A tender, haunting meditation on loss.

A grieving mother creates a palpable, imagined son.

In her recent memoir, Li (Dear Friend, from My Life I Write to You in Your Life, 2017, etc.), a MacArthur fellow and winner of several writing awards, revealed having suffered from recurring depression and twice attempting suicide.
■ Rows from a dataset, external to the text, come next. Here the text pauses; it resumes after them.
Lemma pops_pad_long p r q : ~ pops (pad a p z r) (nseq (p + r).+1 a ++ q).
Proof.
rewrite nseqSr cat_rcons pops_pad => H; case: (pops_consE H) => -[u' Eu _].
  by move: Eu ba => [->]; rewrite eqxx.
by move: Eu ca; rewrite /z Ez => /rcons_inj[_ ->]; rewrite eqxx.
Qed.

Lemma pops_pad_min p r k d q : d != a ->
  pops (pad a p z r) (nseq k a ++ d :: q) -> minn p r <= k.
Proof.
move=> da; elim: k p r => [|k IH] p r.
  case/pops_pad_consE=> [[_ _ [Ed _]]|[_ _ [Ed _]]|[-> _ _]|[-> _ _]];
    rewrite ?min0n ?minn0 //; by rewrite Ed eqxx in da.
case/pops_pad_consE=> [[p' -> [_ /IH]]|[r' -> [_ /IH]]|[_ /neq_ab []]|[_ /neq_ac []]];
  rewrite ?minSn ?minnS; lia.
Qed.

Lemma pops_pad_peel i j q : i < j ->
  pops (pad a i z j) (nseq i a ++ b :: q) -> pops (z1 ++ nseq j a) q.
Proof.
elim: i j => [|i IH] j ij.
  case/pops_pad_consE=> [[_ _ [/esym/neq_ab []]]|[_ _ [/esym/neq_ab []]]|[_ _ //]|[Ej]].
  by rewrite Ej in ij.
case/pops_pad_consE=> [[_ [<-] [_ H]]|[r' Ej [_ /pops_pad_min]]|[_ /neq_ab []]|[_ /neq_ac []]].
  exact: IH (ltnW ij) H.
by move=> /(_ ba); move: ij; rewrite Ej; lia.
Qed.

Lemma pops_pad_unpeel i j q :
  pops (z1 ++ nseq j a) q -> pops (pad a i z j) (nseq i a ++ b :: q).
Proof. by move=> H; elim: i => [|i IH]; constructor. Qed.

End Padding.

(* A word [y] with [y ++ a^j = a^j ++ belast b y] is periodic with period [j.+1]
   and first letter [b], hence determined by its size. *)
Lemma shift_nseq_uniq (T : eqType) (a b : T) j (y y' : seq T) : size y = size y' ->
  y ++ nseq j a = nseq j a ++ belast b y -> y' ++ nseq j a = nseq j a ++ belast b y' ->
  y = y'.
Proof.
have shift w k : w ++ nseq j a = nseq j a ++ belast b w -> k < size w ->
    nth a w k = if k < j then a else nth a (b :: w) (k - j).
  move=> Ew kw; have /= := congr1 (nth a ^~ k) Ew; rewrite nth_cat kw => ->.
  rewrite nth_cat size_nseq nth_nseq if_same; case: ifP => // kj.
  by rewrite [b :: w]lastI -cats1 nth_cat size_belast ifT //; lia.
move=> Es E E'; apply: (@eq_from_nth _ a) => // k; elim/ltn_ind: k => k IH ky.
rewrite (shift y) // (shift y') -?Es //; case: ifP => // kj.
have : k - j <= k := leq_subr j k.
case: (k - j) => [//|k'] k'k /=; apply: IH; lia.
Qed.

Definition pops_equiv (T : Type) (u v : seq T) := forall q, pops u q <-> pops v q.

Section BoolPad.
Variable a : bool.
Local Notation b := (~~ a).
Let ba : b != a. Proof. by case: a. Qed.

Lemma pad_decomp u : exists i j z,
  u = pad a i z j /\ (z = [::] \/ exists z1 z2, z = b :: z1 /\ z = rcons z2 b).
Proof.
elim: u => [|x u [i [j [z [-> Hz]]]]]; first by exists 0, 0, [::]; split; [|left].
case: (eqVneq x a) => [->|xa]; first by exists i.+1, j, z.
have -> : x = b by move: xa; case: x; case: (a).
case: Hz => [->|[z1 [z2 [Ez1 Ez2]]]].
  by exists 0, (i + j), [:: b]; split; [rewrite /pad /= nseqD | right; exists [::], [::]].
exists 0, j, (b :: nseq i a ++ z); split; first by rewrite /pad /= catA.
right.
by exists (nseq i a ++ z), (b :: nseq i a ++ z2); rewrite Ez2 rcons_cons rcons_cat.
Qed.
Section GermCuntz.
Variable n : nat.
Implicit Types (a : pfun (word n)) (x y : word n) (w : stream n).

Lemma prefix_code_image a (X : seq (word n)) f1 : pinj a -> equivariant a ->
  prefix_code X -> (forall x, x \in X -> unbounded (pdom a) x /\ a x = Some (f1 x)) ->
  prefix_code (map f1 X).
Proof.
move=> Ia Ea pcX HX _ _ /mapP[x Hx ->] /mapP[x' Hx' ->] /prefixP[r Er].
have [Ux Hx1] := HX x Hx; have [_ Hx'1] := HX x' Hx'.
have Exr : x ++ r = x' by apply: (Ia _ _ (f1 x')) Hx'1; rewrite (Ea _ _ Hx1 Ux) Er.
by rewrite (pcX x x') // -Exr prefix_prefix.
Qed.

(* The prefix code of the Cuntz element consists of the minimal unbounded
   words of the domain; they all lie in [X ++ Y], which makes it finite. *)
Lemma CT_Cuntz a : CT a -> Cuntz (germ a).
Proof.
case=> Ia [X [Y HD]] _ _ Ea.
pose Xm := [seq x <- X ++ Y | `[< min_unbounded (pdom a) x >]].
pose f1 x := odflt x (a x).
have pcX : prefix_code Xm.
  apply: (@min_unbounded_prefix_code _ (pdom a)) => x.
  by rewrite mem_filter => /andP[/asboolP ? _].
have HXm x : x \in Xm -> unbounded (pdom a) x /\ a x = Some (f1 x).
  rewrite mem_filter => /andP[/asboolP [Ux _] _]; split=> //.
  by have [y Hy] := unbounded_dom Ux; rewrite /f1 Hy.
exists Xm, (map f1 Xm), f1; split.
- by split=> //; apply: prefix_code_image Ia Ea pcX HXm.
- move=> x x' /HXm [_ Hx] /HXm [_ Hx'] E.
  by apply: (Ia _ _ (f1 x)) Hx _; rewrite E.
- by move=> y; split=> [/mapP[x Hx ->] | [x Hx <-]]; [exists x | exact: map_f].
- by move=> x s /HXm [Ux Hx]; apply: germ_scat.
- move=> w; case Hw: (germ a w) => [v|] // _.
  have [x [s [y [-> Ux _ _]]]] := germ_Some Hw.
  have [x0 Mx0 /prefixP[r ->]] := unbounded_min_prefix Ux.
  exists x0, (scat r s); split; last exact: scat_cat.
  by rewrite mem_filter (min_unbounded_mem HD Mx0) andbT; apply/asboolP.
Qed.

End GermCuntz.

Section Lift.
Variables (n : nat) (X Y : seq (word n)) (f1 : word n -> word n).
Hypotheses (pcX : prefix_code X) (pcY : prefix_code Y).
Hypotheses (f1_inj : {in X &, injective f1})
           (f1_onto : forall y, y \in Y <-> exists2 x, x \in X & f1 x = y).
Implicit Types (x y z w v : word n).

Definition lift : pfun (word n) := fun w =>
  if [seq x <- X | prefix x w] is x :: _ then Some (f1 x ++ drop (size x) w) else None.

Lemma lift_cat x z : x \in X -> lift (x ++ z) = Some (f1 x ++ z).
Proof.
move=> Hx; rewrite /lift; case E: [seq _ <- X | _] => [|x0 l].
  have : x \in [seq x0 <- X | prefix x0 (x ++ z)] by rewrite mem_filter prefix_prefix.
  by rewrite E.
have := mem_head x0 l; rewrite -E mem_filter => /andP[Px0 Hx0].
by rewrite (prefix_code_eq pcX Hx0 Hx Px0 (prefix_prefix x z)) drop_size_cat.
Qed.

Lemma lift_Some w v : lift w = Some v ->
  exists x z, [/\ x \in X, w = x ++ z & v = f1 x ++ z].
Proof.
rewrite /lift; case E: [seq _ <- X | _] => [|x l] // [<-].
have := mem_head x l; rewrite -E mem_filter => /andP[/prefixP[z ->] Hx].
by exists x, z; rewrite drop_size_cat.
Qed.

Lemma lift_domP w : pdom lift w <-> exists2 x, x \in X & prefix x w.
Proof.
rewrite /pdom; split.
  case Hw: (lift w) => [v|] // _; have [x [z [Hx -> _]]] := lift_Some Hw.
  by exists x; rewrite ?prefix_prefix.
by case=> x Hx /prefixP[z ->]; rewrite lift_cat.
Qed.

Lemma lift_ranP v : pran lift v <-> exists2 y, y \in Y & prefix y v.
Proof.
split.
  case=> w /lift_Some [x [z [Hx _ ->]]]; exists (f1 x); rewrite ?prefix_prefix //.
  by apply/f1_onto; exists x.
by case=> y /f1_onto [x Hx <-] /prefixP[z ->]; exists (x ++ z); rewrite lift_cat.
Qed.

Lemma lift_dom_unbounded w : pdom lift w -> unbounded (pdom lift) w.
Proof. by case/lift_domP=> x Hx Pxw z; apply/lift_domP; exists x; rewrite ?prefix_catl. Qed.

Lemma lift_ran_unbounded v : pran lift v -> unbounded (pran lift) v.
Proof. by case/lift_ranP=> y Hy Pyv z; apply/lift_ranP; exists y; rewrite ?prefix_catl. Qed.

Lemma lift_inj : pinj lift.
Proof.
move=> w w' v /lift_Some [x [z [Hx -> ->]]] /lift_Some [x' [z' [Hx' -> E]]].
have Yx : f1 x \in Y by apply/f1_onto; exists x.
have Yx' : f1 x' \in Y by apply/f1_onto; exists x'.
have Ef : f1 x = f1 x'.
  by apply: prefix_code_eq pcY Yx Yx' (prefix_prefix _ z) _; rewrite E prefix_prefix.
have Ex := f1_inj Hx Hx' Ef; rewrite Ex; congr cat.
by move: E; rewrite Ef => /(congr1 (drop (size (f1 x')))); rewrite !drop_size_cat.
Qed.

Lemma lift_equivariant : equivariant lift.
Proof. by move=> w v /lift_Some [x [z [Hx -> ->]]] _ z'; rewrite -!catA lift_cat. Qed.

Lemma CT_lift : CT lift.
Proof.
split.
- exact: lift_inj.
- by exists [::], X => w; rewrite lift_domP; split=> [|[]//]; right.
- by exists [::], Y => v; rewrite lift_ranP; split=> [|[]//]; right.
- move=> w v Hw; split=> _.
    by apply: lift_ran_unbounded; exists w.
  by apply: lift_dom_unbounded; rewrite /pdom Hw.
- exact: lift_equivariant.
Qed.

Lemma germ_lift (g : pfun (stream n)) :
  (forall x s, x \in X -> g (scat x s) = Some (scat (f1 x) s)) ->
  (forall s, g s <> None -> exists x s', x \in X /\ s = scat x s') ->
  peq (germ lift) g.
Proof.
move=> Hg Hdom s; apply: option_eq_Some => u; split.
  by case/germ_Some=> x [s1 [y [-> _ /lift_Some [x0 [z [Hx0 -> ->]]] ->]]]; rewrite !scat_cat Hg.
move=> Hs; have [x [s' [Hx Es]]] : exists x s', x \in X /\ s = scat x s'.
  by apply: Hdom; rewrite Hs.
have Hfx : lift x = Some (f1 x) by have := lift_cat [::] Hx; rewrite !cats0.
have Ux : unbounded (pdom lift) x by apply: lift_dom_unbounded; rewrite /pdom Hfx.
by move: Hs; rewrite Es Hg // (germ_scat s' lift_equivariant Ux Hfx).
Qed.

End Lift.

Lemma Cuntz_germ n (g : pfun (stream n)) : Cuntz g -> exists2 a, CT a & peq (germ a) g.
Proof.
case=> X [Y [f1 [[pcX pcY] f1_inj f1_onto Hg Hdom]]].
exists (lift X f1); first exact: CT_lift pcX pcY f1_inj f1_onto.
exact (germ_lift pcX Hg Hdom).
Qed.

Theorem proposition3p17 (n : nat) (hn : 2 <= n) :
  exists Phi : pfun (word n) -> pfun (stream n),
    [/\ (forall a, CT a -> Cuntz (Phi a)),
        (forall a b, CT a -> CT b -> peq (Phi (pcompose a b)) (pcompose (Phi a) (Phi b))),
        (forall g, Cuntz g -> exists2 a, CT a & peq (Phi a) g)
      & (forall a b, CT a -> CT b -> (epsIf a b <-> peq (Phi a) (Phi b)))].
Proof.
exists (@germ n); split.
- exact: CT_Cuntz.
- by move=> a b [_ _ _ _ Ea] [_ _ _ _ Eb]; apply: germ_comp.
- exact: Cuntz_germ.
- move=> a b [Ia Da _ _ Ea] [Ib Db _ _ Eb]; split.
    by move/epsIf_eventually_agree; apply: germ_eventually_agree.
  by move/(peq_germ_eventually_agree hn Ea Eb Da Db); apply: eventually_agree_epsIf.
Qed.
The consequences of suicide for the living are central to her quiet, unsettling new novel, construed as a conversation between a mother and her dead 16-year-old son, Nikolai. “I was almost you once,” his mother tells the child she desperately and passionately imagines back to life, “and that’s why I have allowed myself to make up this world to talk with you”—about sadness, motherhood, memory, and the inadequacy of words. Although he is precocious, articulate, and often impatient—accusing his mother of resorting to clichés—Nikolai never explains his reasons for ending his life, saying only, “You promised that you would understand.” But though she knows that “contentment was never a word in his dictionary,” understanding defies her: She knows nothing of “the bad dreams he had not told me over the years, the steps he had walked and the thoughts he had gone through on his last day.” Searching for words to convey her pain, she finds “no good language when it comes to the unspeakable.” “Words provided to me—loss, grief, sorrow, bereavement, trauma—never seemed to be able to speak precisely of what was plaguing me,” the mother says. A writer, she once had begun a novel in which a woman lost her son to suicide when she was 44. “I had not known the same thing would happen to me when I was forty-four,” she tells her son. “Maybe,” he suggests, “you’ve been writing the novel to prepare yourself.” She has always written to prepare herself for losing him, she reflects, “pre-living the pain” as if to inure herself to it. But “pre-living is not living,” she says. “I will be sad today and tomorrow, a week from now, a year from now. I will be sad forever.”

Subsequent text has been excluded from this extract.